→ **Directions**
From the listing below, copy only the lines from the line that contains "qform_deriv a11 a12" to the line that contains "<- (pow2_abs z).", counting those two lines as part of the copy.

→ **Dataset entries**
Lemma Zp_reflections_product_order N : 1 < N ->
  exists x y : {perm 'Z_N}, [/\ x ^+ 2 = 1, y ^+ 2 = 1 & N <= #[x * y]].
Proof.
move=> N_gt1; have negK : involutive (fun z : 'Z_N => - z)%R by move=> z; rewrite opprK.
have subK : involutive (fun z : 'Z_N => 1 - z)%R by move=> z; rewrite opprB addrC subrK.
pose x := perm (inv_inj negK); pose y := perm (inv_inj subK).
have xE z : x z = (- z)%R by rewrite permE.
have yE z : y z = (1 - z)%R by rewrite permE.
exists x, y; split.
- by apply/permP => z; rewrite permX /= !xE perm1 opprK.
- by apply/permP => z; rewrite permX /= !yE perm1 subK.
have xyX (m : nat) : ((x * y) ^+ m) 0%R = (m%:R)%R.
  elim: m => [|m IHm]; first by rewrite expg0 perm1.
  by rewrite expgSr permM IHm permM xE yE opprK addrC -mulrSr.
apply: dvdn_leq; first exact: order_gt0.
by rewrite /dvdn -val_Zp_nat // -xyX expg_order perm1.
Qed.

(** * Automorphisms of a group given by generators *)

Section AutomorphismsOfGeneratedGroup.
Variables (gT : finGroupType) (G : {group gT}) (A : {set gT}).
Hypothesis genG : G = <<A>> :> {set gT}.

Lemma morphic_fix_gen (F : gT -> gT) :
  {in G &, {morph F : x y / x * y}} -> {in A, F =1 id} -> {in G, F =1 id}.
Proof.
move=> FM FA; have F1 : F 1 = 1.
  by apply: (mulgI (F 1)); rewrite -FM ?group1 // !mulg1.
have fixF : group_set [set x in G | F x == x].
  apply/group_setP; split=> [|x y]; first by rewrite inE group1 F1 eqxx.
  by rewrite !inE => /andP[Gx /eqP Fx] /andP[Gy /eqP Fy]; rewrite groupM // FM // Fx Fy eqxx.
have /subsetP sGfix : G \subset Group fixF.
  rewrite {1}genG gen_subG; apply/subsetP => x Ax.
  by rewrite inE FA // eqxx andbT genG mem_gen.
by move=> x /sGfix; rewrite inE => /andP[_ /eqP].
Qed.

Lemma Aut_fix_gen p : p \in Aut G -> {in A, p =1 id} -> p = 1.
Proof.
move=> AutGp pA; apply: (eq_Aut AutGp (group1 _)) => x Gx.
by rewrite perm1 (morphic_fix_gen (morphicP (Aut_morphic AutGp))).
Qed.

Lemma Aut_morphM p : p \in Aut G -> {in G &, {morph p : x y / x * y}}.
Proof. by move/Aut_morphic/morphicP. Qed.

Lemma Aut_morphV p : p \in Aut G -> {in G, {morph p : x / x^-1}}.
Proof. by move=> AutGp x Gx; rewrite -(autmE AutGp) morphV. Qed.
Lemma qform_deriv_le_of_small a11 a12 a13 a22 a23 a33 B kappa x y z r1 r2 :
  Rabs a11 <= B -> Rabs a12 <= B -> Rabs a13 <= B -> Rabs a22 <= B -> Rabs a23 <= B ->
  0 <= kappa -> Rabs r1 <= kappa * Rabs z -> Rabs r2 <= kappa * Rabs z ->
  qform_deriv a11 a12 a13 a22 a23 a33 x y z r1 r2 0
    <= 8 * B * kappa * (x ^ 2 + y ^ 2 + z ^ 2).
Proof.
  intros H11 H12 H13 H22 H23 Hk Hr1 Hr2.
  set (S := Rabs x + Rabs y + Rabs z).
  assert (HB : 0 <= B) by (generalize (Rabs_pos a11); lra).
  assert (HS : 0 <= S) by (unfold S; generalize (Rabs_pos x) (Rabs_pos y) (Rabs_pos z); lra).
  assert (Hrow : forall p q r rr, Rabs (p * x + q * y + r * z) <= B * S ->
             Rabs rr <= kappa * Rabs z -> (p * x + q * y + r * z) * rr <= B * kappa * (S * Rabs z)).
  { intros p q r rr Hpqr Hrr. eapply Rle_trans; [apply Rle_abs|]. rewrite Rabs_mult.
    replace (B * kappa * (S * Rabs z)) with ((B * S) * (kappa * Rabs z)) by ring.
    apply Rmult_le_compat; [apply Rabs_pos | apply Rabs_pos | exact Hpqr | exact Hrr]. }
  assert (Hprod : S * Rabs z <= 2 * (x ^ 2 + y ^ 2 + z ^ 2)).
  { unfold S. rewrite <- (pow2_abs x), <- (pow2_abs y), <- (pow2_abs z).
    generalize (Rabs_pos x) (Rabs_pos y) (Rabs_pos z)
      (pow2_ge_0 (Rabs x - Rabs z)) (pow2_ge_0 (Rabs y - Rabs z)). nra. }
  assert (0 <= B * kappa) by (apply Rmult_le_pos; assumption).
  assert (B * kappa * (S * Rabs z) <= B * kappa * (2 * (x ^ 2 + y ^ 2 + z ^ 2)))
    by (apply Rmult_le_compat_l; assumption).
  assert (E1 := Hrow _ _ _ r1 (row_abs_le a11 a12 a13 x y z B H11 H12 H13) Hr1).
  assert (E2 := Hrow _ _ _ r2 (row_abs_le a12 a22 a23 x y z B H12 H22 H23) Hr2).
  unfold qform_deriv. lra.
Qed.

Lemma sq_norm_le_shear m A x y z : 0 < A ->
  x ^ 2 + y ^ 2 + z ^ 2 <= (1 + (2 + 2 * m ^ 2) / A ^ 2) * (x ^ 2 + (m * x + A * y) ^ 2 + z ^ 2).
Proof.
  intros HA. set (s := m * x + A * y).
  generalize (pow2_ge_0 x) (pow2_ge_0 s) (pow2_ge_0 z) (pow2_ge_0 m). intros Hx Hs Hz Hm.
  assert (A ^ 2 * y ^ 2 <= 2 * s ^ 2 + 2 * m ^ 2 * x ^ 2).
  { replace (A ^ 2 * y ^ 2) with ((s + - m * x) ^ 2) by (unfold s; ring).
    eapply Rle_trans; [apply sq_sum_le2 | lra]. }
  assert (y ^ 2 <= (2 + 2 * m ^ 2) / A ^ 2 * (x ^ 2 + s ^ 2 + z ^ 2)).
  { replace ((2 + 2 * m ^ 2) / A ^ 2 * (x ^ 2 + s ^ 2 + z ^ 2))
      with ((2 + 2 * m ^ 2) * (x ^ 2 + s ^ 2 + z ^ 2) / A ^ 2) by (field; lra).
    apply le_div_of_mul_le; [apply pow_lt; exact HA|].
    assert (m ^ 2 * x ^ 2 <= m ^ 2 * (x ^ 2 + s ^ 2 + z ^ 2)) by (apply Rmult_le_compat_l; lra).
    lra. }
  lra.
Qed.

Lemma shear_le_sq_norm m A x y z :
  x ^ 2 + (m * x + A * y) ^ 2 + z ^ 2 <= (1 + 2 * m ^ 2 + 2 * A ^ 2) * (x ^ 2 + y ^ 2 + z ^ 2).
Proof.
  generalize (sq_sum_le2 (m * x) (A * y)) (pow2_ge_0 x) (pow2_ge_0 y) (pow2_ge_0 z)
    (pow2_ge_0 m) (pow2_ge_0 A). intros.
  assert (m ^ 2 * x ^ 2 <= m ^ 2 * (x ^ 2 + y ^ 2 + z ^ 2)) by (apply Rmult_le_compat_l; lra).
  assert (A ^ 2 * y ^ 2 <= A ^ 2 * (x ^ 2 + y ^ 2 + z ^ 2)) by (apply Rmult_le_compat_l; lra).
  replace ((m * x) ^ 2) with (m ^ 2 * x ^ 2) in * by ring.
  replace ((A * y) ^ 2) with (A ^ 2 * y ^ 2) in * by ring.
  lra.
Qed.

(* The linearisation studied below is [x' = -g x + s - a z], [s' = -b z], [z' = k x - k z];
   [lyap_form] is a quadratic Lyapunov function for it, found by solving the Lyapunov
   equation with a diagonal right-hand side (see [lyap_form_deriv_linear]). *)
Definition lyap11 (g b a k : R) : R := 4 * b ^ 2 * k ^ 2 * (g + k + a).
Definition lyap12 (g b a k : R) : R := - (2 * g * b * k ^ 2 * (g + k + a)).
Definition lyap13 (g b a k : R) : R := 2 * g * b ^ 2 * k * (g + k + 2 * a).
Definition lyap22 (g b a k : R) : R :=
  2 * k ^ 2 * (g + k + a) * (g * a + g ^ 2) + 4 * b * k ^ 2 * (g + k + a)
  + 2 * b * k * g * (g + k + 2 * a).
Definition lyap23 (g b a k : R) : R := - (2 * b * k * (g + k + a) * (2 * b + g ^ 2)).
Definition lyap33 (g b a k : R) : R :=
  2 * b ^ 2 * (k * (g + k + a) * (2 * a - g) + g * (g + k + 2 * a) * (g + k)).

→ **Result for this exercise**
  qform_deriv a11 a12 a13 a22 a23 a33 x y z r1 r2 0
    <= 8 * B * kappa * (x ^ 2 + y ^ 2 + z ^ 2).
Proof.
  intros H11 H12 H13 H22 H23 Hk Hr1 Hr2.
  set (S := Rabs x + Rabs y + Rabs z).
  assert (HB : 0 <= B) by (generalize (Rabs_pos a11); lra).
  assert (HS : 0 <= S) by (unfold S; generalize (Rabs_pos x) (Rabs_pos y) (Rabs_pos z); lra).
  assert (Hrow : forall p q r rr, Rabs (p * x + q * y + r * z) <= B * S ->
             Rabs rr <= kappa * Rabs z -> (p * x + q * y + r * z) * rr <= B * kappa * (S * Rabs z)).
  { intros p q r rr Hpqr Hrr. eapply Rle_trans; [apply Rle_abs|]. rewrite Rabs_mult.
    replace (B * kappa * (S * Rabs z)) with ((B * S) * (kappa * Rabs z)) by ring.
    apply Rmult_le_compat; [apply Rabs_pos | apply Rabs_pos | exact Hpqr | exact Hrr]. }
  assert (Hprod : S * Rabs z <= 2 * (x ^ 2 + y ^ 2 + z ^ 2)).
  { unfold S. rewrite <- (pow2_abs x), <- (pow2_abs y), <- (pow2_abs z).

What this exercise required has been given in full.